João F. Matias Rodrigues

Postdoctoral Researcher

Christian von Mering's lab

Institute of Molecular Life Sciences

University of Zürich

Switzerland

# Software :: HPC-CLUST

## Motivation

HPC-CLUST is a set of tools designed to cluster large numbers (>1 million) pre-aligned nucleotide sequences. HPC-CLUST performs the clustering of sequences using the Hierarchical Clustering Algorithm (HCA). There are currently three different cluster metrics implemented: single-linkage, complete-linkage, and average-linkage. There are currently 4 sequence distance functions implemented, these are: identity (gap-gap counting as match), nogap (gap-gap being ignored), nogap-single (like nogap, but consecutive gap-nogap's count as a single mismatch), tamura (distance is calculated with the knowledge that transitions are more likely than transversions).

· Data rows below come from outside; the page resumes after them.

Lemma card_fiber (B : gridpt k M) : #|fiber B| <= \prod_i #|residues i B|.
Proof.
have offset_inj : {in fiber B &, injective offset}.
  move=> x y; rewrite !inE => /andP[_ /eqP xB] /andP[_ /eqP yB].
  by apply: block_offset_inj; rewrite xB yB.
rewrite -(card_in_imset offset_inj).
have /subset_leq_card : offset @: fiber B \subset family (fun i => mem (residues i B)).
  by apply/subsetP => _ /imsetP[x xB ->]; apply/familyP => i; apply: imset_f.
by rewrite card_family foldrE big_map big_enum.
Qed.

End Blocks.

Section Blowup.
Variables (P : finType) (m d b M : nat) (s : 'I_d.+2 -> P -> 'I_m).
Hypothesis b_gt0 : 0 < b.
Variable Aproj : 'I_d.+2 -> nat.
Hypothesis Aproj_bound : forall (i : 'I_d.+2) (S' : {set gridpt d.+1 M}),
  ~ contains_pattern S' (fun l => s (lift i l)) -> #|S'| <= Aproj i * M ^ d.
Variable S : {set gridpt d.+2 (b * M)}.
Hypothesis S_avoids : ~ contains_pattern S s.

Local Notation block := (block b_gt0).
Local Notation offset := (offset b_gt0).
Local Notation fiber := (fiber b_gt0 S).
Local Notation residues := (residues b_gt0 S).

Lemma block_image_avoids : ~ contains_pattern (block @: S) s.
Proof. by move/(contains_pattern_imset (@ltn_block _ _ _ b_gt0)). Qed.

One advantage that HCA has over other algorithms is that instead of producing only the clustering at a given threshold, it produces the set of merges happening at each threshold. With this approach, the clusters can be very quickly computed for every threshold with little extra computations. This approach also allows the plotting of the variation of number of clusters with clustering threshold without requiring the clustering to be run for each threshold independently.

Another feature of the way HPC-CLUST is implemented is that the single, complete, and average linkage clusterings can be computed in a single go with little overhead.